About this exercise
Write out only the lines running from the one that contains "apply (le_of_shrinking_factor _" to the end of the material, both ends included.
#### Material to process
Lemma le_of_shrinking_factor (a b c : R) : 0 <= c ->
  (forall n : nat, (1 <= n)%nat -> a <= (1 + c / INR n) * b) -> a <= b.
Proof.
  intros Hc H. destruct (Rle_lt_dec b 0) as [Hb|Hb].
  - specialize (H 1%nat (le_n 1)). simpl INR in H. nra.
  - apply Rnot_lt_le. intros Hba.
    destruct (INR_unbounded (c * b / (a - b))) as [n0 Hn0]. set (n := S n0).
    assert (Hn : INR n > c * b / (a - b)) by (unfold n; rewrite S_INR; lra).
    specialize (H n ltac:(unfold n; lia)). assert (0 < INR n) by (apply lt_0_INR; unfold n; lia).
    assert (c * b < (a - b) * INR n).
    { apply (Rmult_lt_compat_l (a - b)) in Hn; [|lra].
      replace ((a - b) * (c * b / (a - b))) with (c * b) in Hn by (field; lra). lra. }
    replace ((1 + c / INR n) * b) with (b + c * b / INR n) in H by (field; lra).
    assert (c * b / INR n < a - b).
    { apply (Rmult_lt_reg_r (INR n)); [lra|]. replace (c * b / INR n * INR n) with (c * b) by (field; lra). lra. }
    lra.
Qed.

Theorem mainTheorem10 (Rc : R) (hR : Rc < 10 / 7) :
  ~ exists F : Ffamily, F_system F /\ competitive Rc F.
Proof.
  intros [F [[_ [HF1 HF2]] [lam Hcomp]]].
  destruct (witness_lists F HF1) as [L HL].
  enough (10 / 7 <= Rc) by lra.
  apply (Rmult_le_reg_l 6); [lra|].
  apply (le_of_shrinking_factor _ _ (4 / 7)); [lra|]. intros m Hm.
  apply (le_of_unbounded _ _ ((1 + 4 / 7 / INR m) * (2 * Rabs lam + 6 * Rabs Rc))). intros J.
  destruct (harm_unbounded m J Hm) as [K HK]. exists (harm m K). split; [exact HK|].
  pose proof (charging_bound F L HL HF2 m K Hm Rc lam Hcomp). lra.
Qed.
########
Output for this task
  apply (le_of_shrinking_factor _ _ (4 / 7)); [lra|]. intros m Hm.
  apply (le_of_unbounded _ _ ((1 + 4 / 7 / INR m) * (2 * Rabs lam + 6 * Rabs Rc))). intros J.
  destruct (harm_unbounded m J Hm) as [K HK]. exists (harm m K). split; [exact HK|].
  pose proof (charging_bound F L HL HF2 m K Hm Rc lam Hcomp). lra.
Qed.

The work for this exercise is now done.